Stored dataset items
################
Lemma vopp_smul x : vopp x = vsmul (Kofreal k (-1)) x.
Proof.
  set (y := vsmul (Kofreal k (-1)) x).
  assert (H : vadd x y = vzero).
  { unfold y. rewrite <- (vsmul_1 V x) at 1. rewrite <- vsmul_distr_r, <- (vsmul_0 x).
    f_equal. destruct k; simpl; try f_equal; ring. }
  rewrite <- (vadd_0r (vopp x)), <- H, vadd_assoc, (vadd_comm V (vopp x)), vadd_opp, vadd_0.
  reflexivity.
Qed.
End VectorSpace.

Lemma Knorm_nonneg k (z : Kty k) : 0 <= Knorm z.
Proof. destruct k; simpl; [apply Rabs_pos | apply sqrt_pos]. Qed.

Section Sesquilinear.
Variables (k : fld) (E : RVL) (V : KVS k) (T : vcar V -> vcar V -> Fcar k E).
Hypothesis Hlin : forall (a b : Kty k) (v1 v2 w : vcar V),
  T (vadd V (vsmul V a v1) (vsmul V b v2)) w = Fadd (Fsmul a (T v1 w)) (Fsmul b (T v2 w)).
Hypothesis Hclin : forall (a b : Kty k) (w v1 v2 : vcar V),
  T w (vadd V (vsmul V a v1) (vsmul V b v2)) =
  Fadd (Fsmul (Kconj a) (T w v1)) (Fsmul (Kconj b) (T w v2)).

Lemma T_shift_expand u v z :
  T (vadd V (vsmul V z u) (vopp V v)) (vadd V (vsmul V z u) (vopp V v)) =
  Fadd (Fsmul z (Fadd (Fsmul (Kconj z) (T u u)) (Fsmul (Kconj (Kofreal k (-1))) (T u v))))
       (Fsmul (Kofreal k (-1))
          (Fadd (Fsmul (Kconj z) (T v u)) (Fsmul (Kconj (Kofreal k (-1))) (T v v)))).
Proof. rewrite vopp_smul, Hlin, !Hclin. reflexivity. Qed.

Lemma CS_set_nonneg (Hpsd : forall v, Fpos (T v v)) u v x :
  CS_set V T u v x -> Fle Fzero x.
Proof.
  intros [z [_ ->]]. apply Fle0_Fpos, Fpos_rsmul; auto.
  destruct (Knorm_nonneg k z) as [H | <-].
  - left; apply Rinv_0_lt_compat; auto.
  - rewrite Rinv_0. lra.
Qed.
End Sesquilinear.

Section RealCase.
Variables (E : RVL) (V : KVS Kreal) (T : vcar V -> vcar V -> Fcar Kreal E).
Hypothesis Hsym : forall u v, T u v = Fconj (T v u).
Hypothesis Hlin : forall (a b : Kty Kreal) (v1 v2 w : vcar V),
  T (vadd V (vsmul V a v1) (vsmul V b v2)) w = Fadd (Fsmul a (T v1 w)) (Fsmul b (T v2 w)).
Hypothesis Hclin : forall (a b : Kty Kreal) (w v1 v2 : vcar V),
  T w (vadd V (vsmul V a v1) (vsmul V b v2)) =
  Fadd (Fsmul (Kconj a) (T w v1)) (Fsmul (Kconj b) (T w v2)).

Lemma T_shift_real u v (z : R) :
  T (vadd V (vsmul V z u) (vopp V v)) (vadd V (vsmul V z u) (vopp V v)) =
  add E (add E (smul E (z * z) (T u u)) (smul E (- 2 * z) (T u v))) (T v v).
Proof.
  rewrite T_shift_expand by auto. simpl. rewrite (Hsym v u). simpl. lin_ring E.
Qed.

Lemma CS_set_real_iff u v w :
  CS_set V T u v w <-> exists x y, geom_set_E E (T u u) (T v v) x /\
    pm_set E (T u v) y /\ w = add E x (smul E (- 2) y).
Proof.
  unfold CS_set. split.
  - intros [z [Hz ->]]. simpl in Hz |- *. rewrite T_shift_real.
    destruct (Rlt_or_le 0 z) as [Hpos | Hneg].
    + exists (add E (smul E z (T u u)) (smul E (/ z) (T v v))), (T u v).
      split; [exists z; auto |]. split; [left; auto |].
      rewrite Rabs_right by lra. lin_eq E; field; lra.
    + exists (add E (smul E (- z) (T u u)) (smul E (/ - z) (T v v))), (opp E (T u v)).
      split; [exists (- z); split; [lra | auto] |]. split; [right; auto |].
      rewrite Rabs_left by lra. lin_eq E; field; lra.
  - intros [x [y [[t [Ht ->]] [[-> | ->] ->]]]].
    + exists t. split; [simpl; lra |]. simpl. rewrite T_shift_real, Rabs_right by lra.
      lin_eq E; field; lra.
    + exists (- t). split; [simpl; lra |]. simpl. rewrite T_shift_real, Rabs_left by lra.
      lin_eq E; field; lra.
Qed.

Lemma CS_inf_real (HF : geom_mean_closed Kreal E) (Hpsd : forall v, Fpos (T v v)) u v :
  exists M, Fis_inf (CS_set V T u v) M /\
    Fmod (T u v) = Fsub (Fgm (T u u) (T v v)) (Frsmul (/ 2) M).
Proof.
  destruct (HF _ _ (Hpsd u) (Hpsd v)) as [g Hg].
  destruct (sup2_ex E (T u v) (opp E (T u v))) as [s Hs].
  exists (add E g (smul E (- 2) s)). split.
  - apply Fis_inf_R. eapply is_inf_ext; [intro w; symmetry; apply CS_set_real_iff |].
    apply (is_inf_sub_scaled E _ _ g s 2); [lra | apply Fis_inf_R; exact Hg | exact Hs].
  - unfold Fgm. rewrite (Finf_eq _ _ _ _ Hg). simpl.
    rewrite (esup_eq E _ s Hs). lin_eq E; field.
Qed.
End RealCase.

Lemma geom_set_complex_iff E (a c x : car E) :
  geom_set (k := Kcomplex) (a, zero E) (c, zero E) (x, zero E) <-> geom_set_E E a c x.
Proof.
  unfold geom_set, geom_set_E; simpl. split.
  - intros [t [Ht H]]. exists t. split; auto. injection H as -> _. lin_ring E.
  - intros [t [Ht ->]]. exists t. split; auto. f_equal; lin_ring E.
Qed.

Lemma geom_set_complex_snd E (a c : car E) w :
  geom_set (k := Kcomplex) (a, zero E) (c, zero E) w -> snd w = zero E.
Proof. intros [t [_ ->]]. simpl. lin_ring E. Qed.

Section ComplexCase.
Variables (E : RVL) (V : KVS Kcomplex) (T : vcar V -> vcar V -> Fcar Kcomplex E).
Hypothesis Hsym : forall u v, T u v = Fconj (T v u).
Hypothesis Hlin : forall (a b : Kty Kcomplex) (v1 v2 w : vcar V),
  T (vadd V (vsmul V a v1) (vsmul V b v2)) w = Fadd (Fsmul a (T v1 w)) (Fsmul b (T v2 w)).
Hypothesis Hclin : forall (a b : Kty Kcomplex) (w v1 v2 : vcar V),
  T w (vadd V (vsmul V a v1) (vsmul V b v2)) =
  Fadd (Fsmul (Kconj a) (T w v1)) (Fsmul (Kconj b) (T w v2)).

Section FixedVectors.
Variables (u v : vcar V) (a b1 b2 c : car E).
Hypotheses (Huu : T u u = (a, zero E)) (Hvv : T v v = (c, zero E)) (Huv : T u v = (b1, b2)).

Lemma T_shift_complex (x y : R) :
  T (vadd V (vsmul V (x, y) u) (vopp V v)) (vadd V (vsmul V (x, y) u) (vopp V v)) =
  (add E (add E (smul E (x * x + y * y) a)
     (smul E (- 2) (add E (smul E x b1) (smul E (- y) b2)))) c, zero E).
Proof.
  rewrite T_shift_expand by auto. rewrite (Hsym v u), Huu, Hvv, Huv. simpl.
  f_equal; lin_ring E.
Qed.

Lemma CS_set_complex_snd w : CS_set V T u v w -> snd w = zero E.
Proof. intros [[x y] [_ ->]]. rewrite T_shift_complex. simpl. lin_ring E. Qed.

Lemma CS_set_complex_iff w :
  CS_set V T u v (w, zero E) <-> exists x y, geom_set_E E a c x /\
    cos_sin_set E b1 b2 y /\ w = add E x (smul E (- 2) y).
Proof.
  unfold CS_set. split.
  - intros [[x y] [Hz H]]. rewrite T_shift_complex in H. simpl in Hz, H.
    injection H as -> _.
    assert (Hxy : 0 < x * x + y * y).
    { destruct (Req_dec x 0) as [-> | Hx].
      - destruct (Req_dec y 0) as [-> | Hy]; [exfalso; apply Hz; reflexivity |].
        pose proof (Rsqr_pos_lt y Hy). unfold Rsqr in *. lra.
      - pose proof (Rsqr_pos_lt x Hx). unfold Rsqr in *. nra. }
    assert (Hr : 0 < sqrt (x * x + y * y)) by (apply sqrt_lt_R0; auto).
    assert (Hr2 : x * x + y * y = sqrt (x * x + y * y) * sqrt (x * x + y * y))
      by (symmetry; apply sqrt_sqrt; lra).
    set (r := sqrt (x * x + y * y)) in *. rewrite Hr2. clearbody r.
    destruct (unit_circle_polar (x / r) (- y / r)) as [th [Hth [Hco Hsi]]].
    { replace (x / r * (x / r) + - y / r * (- y / r)) with ((x * x + y * y) / (r * r))
        by (field; lra).
      rewrite Hr2. field. lra. }
    exists (add E (smul E r a) (smul E (/ r) c)),
      (add E (smul E (cos th) b1) (smul E (sin th) b2)).
    split; [exists r; auto |]. split; [exists th; auto |].
    rewrite Hco, Hsi. lin_eq E; field; lra.
  - intros [x [y [[t [Ht ->]] [[th [Hth ->]] ->]]]].
    pose proof (sin2_cos2 th) as Hsc. unfold Rsqr in Hsc.
    assert (Ht2 : t * cos th * (t * cos th) + - (t * sin th) * - (t * sin th) = t * t)
      by nra.
    exists (t * cos th, - (t * sin th)). split.
    { intro H. injection H as H1 H2. nra. }
    rewrite T_shift_complex. simpl. rewrite Ht2, sqrt_square by lra.
    f_equal; lin_eq E; field; lra.
Qed.
End FixedVectors.

Lemma CS_inf_complex (HE : square_mean_closed E) (HF : geom_mean_closed Kcomplex E)
  (Hpsd : forall v, Fpos (T v v)) u v :
  exists M, Fis_inf (CS_set V T u v) M /\
    Fmod (T u v) = Fsub (Fgm (T u u) (T v v)) (Frsmul (/ 2) M).
Proof.
  assert (Hdiag : forall w, exists d, T w w = (d, zero E)).
  { intro w. pose proof (Hpsd w) as H. destruct (T w w) as [d1 d2].
    apply Fpos_C in H as [-> _]. eauto. }
  destruct (Hdiag u) as [a Huu], (Hdiag v) as [c Hvv], (T u v) as [b1 b2] eqn:Huv.
  destruct (HE b1 b2) as [s Hs].
  destruct (HF _ _ (Hpsd u) (Hpsd v)) as [[g g2] Hg].
  pose proof Hg as Hg'. rewrite Huu, Hvv in Hg'.
  apply Fis_inf_C in Hg' as [-> Hg']; [| apply geom_set_complex_snd].
  exists (add E g (smul E (- 2) s), zero E). split.
  - apply Fis_inf_C; [apply (CS_set_complex_snd u v a b1 b2 c); auto |]. split; auto.
    eapply is_inf_ext; [intro w; symmetry; apply (CS_set_complex_iff u v a b1 b2 c); auto |].
    apply (is_inf_sub_scaled E _ _ g s 2); [lra | | exact Hs].
    eapply is_inf_ext; [intro w; apply geom_set_complex_iff | exact Hg'].
  - unfold Fgm. rewrite (Finf_eq _ _ _ _ Hg). simpl.
    rewrite (esup_eq E _ s Hs). f_equal; lin_eq E; field.
Qed.
End ComplexCase.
################
[Work task]:
Look above for the line that contains "assert (Hr2 : x". Starting there, transcribe every line exactly until you have copied the line that contains "f_equal; lin_eq E; field; lra.".

[Your response]:
    assert (Hr2 : x * x + y * y = sqrt (x * x + y * y) * sqrt (x * x + y * y))
      by (symmetry; apply sqrt_sqrt; lra).
    set (r := sqrt (x * x + y * y)) in *. rewrite Hr2. clearbody r.
    destruct (unit_circle_polar (x / r) (- y / r)) as [th [Hth [Hco Hsi]]].
    { replace (x / r * (x / r) + - y / r * (- y / r)) with ((x * x + y * y) / (r * r))
        by (field; lra).
      rewrite Hr2. field. lra. }
    exists (add E (smul E r a) (smul E (/ r) c)),
      (add E (smul E (cos th) b1) (smul E (sin th) b2)).
    split; [exists r; auto |]. split; [exists th; auto |].
    rewrite Hco, Hsi. lin_eq E; field; lra.
  - intros [x [y [[t [Ht ->]] [[th [Hth ->]] ->]]]].
    pose proof (sin2_cos2 th) as Hsc. unfold Rsqr in Hsc.
    assert (Ht2 : t * cos th * (t * cos th) + - (t * sin th) * - (t * sin th) = t * t)
      by nra.
    exists (t * cos th, - (t * sin th)). split.
    { intro H. injection H as H1 H2. nra. }
    rewrite T_shift_complex. simpl. rewrite Ht2, sqrt_square by lra.
    f_equal; lin_eq E; field; lra.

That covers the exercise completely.